Given information:
▬▬▬▬▬▬

Definition wf_graph (G : pgraph) : Prop :=
  3 <= pg_n G /\
  (forall v p, v < pg_n G -> p < deg G v ->
     nbr G v p < pg_n G /\
     rport G v p < deg G (nbr G v p) /\
     nbr G (nbr G v p) (rport G v p) = v /\
     rport G (nbr G v p) (rport G v p) = p /\
     nbr G v p <> v) /\
  (forall v p p', v < pg_n G -> p < deg G v -> p' < deg G v ->
     nbr G v p = nbr G v p' -> p = p') /\
  (forall u v, u < pg_n G -> v < pg_n G -> reach G u v).

(** * Augmented truncated views
    [VLeaf d]: a leaf labelled by the degree [d] of the node it represents.
    [VNode cs]: an internal node; the i-th entry of [cs] is the child reached
    by port i at this node, paired with the port [q] at the other endpoint. *)
Inductive view : Type :=
| VLeaf : nat -> view
| VNode : list (nat * view) -> view.

Fixpoint bview (G : pgraph) (l : nat) (v : nat) : view :=
  match l with
  | O => VLeaf (deg G v)
  | S l' => VNode (map (fun p => (rport G v p, bview G l' (nbr G v p)))
                       (seq 0 (deg G v)))
  end.

Definition views_distinct (G : pgraph) (l : nat) : Prop :=
  forall u v, u < pg_n G -> v < pg_n G -> u <> v -> bview G l u <> bview G l v.

Definition feasible (G : pgraph) : Prop := exists l, views_distinct G l.

Definition election_index (G : pgraph) (phi : nat) : Prop :=
  views_distinct G phi /\ forall l, l < phi -> ~ views_distinct G l.

(** * Paths described by port sequences (p1,q1,...,pk,qk).
    [path_nodes G v s] = Some (list of visited nodes, starting with v) if s
    describes a valid path from v, None otherwise. *)
Fixpoint path_nodes (G : pgraph) (v : nat) (s : list nat) : option (list nat) :=
  match s with
  | [] => Some [v]
  | p :: q :: s' =>
      if andb (Nat.ltb p (deg G v)) (Nat.eqb (rport G v p) q) then
        match path_nodes G (nbr G v p) s' with
        | Some l => Some (v :: l)
        | None => None
        end
      else None
  | [_] => None
  end.

Definition simple_path_to (G : pgraph) (v : nat) (s : list nat) (w : nat) : Prop :=
  exists l, path_nodes G v s = Some l /\ NoDup l /\ last l v = w.
(* Let $\mathcal{X},\mathcal{Y}$ be finite sets and $\mu\ge0$. The map $P_{XY}\mapsto R_\mu(P_{XY})$, defined on the set of probability distributions on $\mathcal{X}\times\mathcal{Y}$, is continuous.
   Context: For a distribution $P_{XY}$ on $\mathcal{X}\times\mathcal{Y}$, $\mathcal{R}^*_{\mathtt{WAK}}(P_{XY})$ is the set of pairs $(r_0,r_2)$ for which there exists a conditional distribution $P_{W|XY}$ with finite $\mathcal{W}$, $|\mathcal{W}|\le|\mathcal{X}||\mathcal{Y}|+2$, such that, for $(W,X,Y)\sim P_{XY}P_{W|XY}$, $r_0\ge I(W\wedge X,Y)$, $r_2\ge H(Y\mid W)$ and $I(W\wedge Y\mid X)=0$ (equivalently, $W$ may be taken to depend on $(X,Y)$ only through $X$, with $r_0\ge I(W\wedge X)$). For $\mu\ge0$, $R_\mu(P_{XY}):=\min\{r_0+\mu r_2:(r_0,r_2)\in\mathcal{R}^*_{\mathtt{WAK}}(P_{XY})\}$. Continuity is with respect to the $\ell_1$ (total variation) distance on distributions. *)

From mathcomp Require Import all_boot all_order all_algebra.
From mathcomp Require Import all_classical all_reals all_analysis.
Set Implicit Arguments. Unset Strict Implicit. Unset Printing Implicit Defensive.
Import Order.TTheory GRing.Theory Num.Theory.
Local Open Scope ring_scope.
Local Open Scope classical_set_scope.

Section Info.
Variable R : realType.

Definition xlnx (x : R) : R := if x == 0 then 0 else x * ln x.

Definition ent (T : finType) (p : T -> R) : R := - \sum_(t : T) xlnx (p t).

Definition is_dist (T : finType) (p : {ffun T -> R}) : Prop :=
  (forall t, 0 <= p t) /\ \sum_(t : T) p t = 1.

Definition is_kernel (A B : finType) (V : {ffun A -> {ffun B -> R}}) : Prop :=
  forall a, is_dist (V a).

Variables (X Y : finType).

Section Joint.
Variable (W : finType) (P : {ffun X * Y -> R}) (V : {ffun X * Y -> {ffun W -> R}}).

Definition jnt (w : W) (x : X) (y : Y) : R := P (x, y) * V (x, y) w.

Definition H_WXY : R := ent (fun t : W * X * Y => jnt t.1.1 t.1.2 t.2).
Definition H_XY  : R := ent (fun t : X * Y => \sum_(w : W) jnt w t.1 t.2).
Definition H_WX  : R := ent (fun t : W * X => \sum_(y : Y) jnt t.1 t.2 y).
Definition H_WY  : R := ent (fun t : W * Y => \sum_(x : X) jnt t.1 x t.2).
Definition H_W   : R := ent (fun w : W => \sum_(x : X) \sum_(y : Y) jnt w x y).
Definition H_X   : R := ent (fun x : X => \sum_(w : W) \sum_(y : Y) jnt w x y).

Definition I_W_XY : R := H_W + H_XY - H_WXY.
Definition H_Y_given_W : R := H_WY - H_W.
Definition I_W_Y_given_X : R := H_WX + H_XY - H_WXY - H_X.
End Joint.

Definition WAK_region (P : {ffun X * Y -> R}) : set (R * R) :=
  [set r | exists (n : nat) (V : {ffun X * Y -> {ffun 'I_n -> R}}),
      [/\ (n <= #|X| * #|Y| + 2)%N, is_kernel V,
          I_W_Y_given_X P V = 0,
          I_W_XY P V <= r.1 & H_Y_given_W P V <= r.2]].

(* R_mu(P_XY) = min { r0 + mu r2 : (r0,r2) in R*_WAK(P_XY) } (taken as inf) *)
Definition R_mu (mu : R) (P : {ffun X * Y -> R}) : R :=
  inf [set z | exists r, WAK_region P r /\ z = r.1 + mu * r.2].

Definition l1dist (P Q : {ffun X * Y -> R}) : R :=
  \sum_(t : X * Y) `|P t - Q t|.

End Info.

From mathcomp Require Import all_boot all_order all_algebra.
From mathcomp Require Import all_classical all_reals all_analysis.
From mathcomp Require Import ring lra zify.
Import Order.TTheory GRing.Theory Num.Theory.
Local Open Scope ring_scope.
Local Open Scope classical_set_scope.
Set Implicit Arguments. Unset Strict Implicit.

▬▬▬▬▬▬

Description of the task:
Set down exactly the lines above that run from the start of the listing to the line with "nbr G v p <> v) /\". Leave out every later line.

Finished exercise:
Definition wf_graph (G : pgraph) : Prop :=
  3 <= pg_n G /\
  (forall v p, v < pg_n G -> p < deg G v ->
     nbr G v p < pg_n G /\
     rport G v p < deg G (nbr G v p) /\
     nbr G (nbr G v p) (rport G v p) = v /\
     rport G (nbr G v p) (rport G v p) = p /\
     nbr G v p <> v) /\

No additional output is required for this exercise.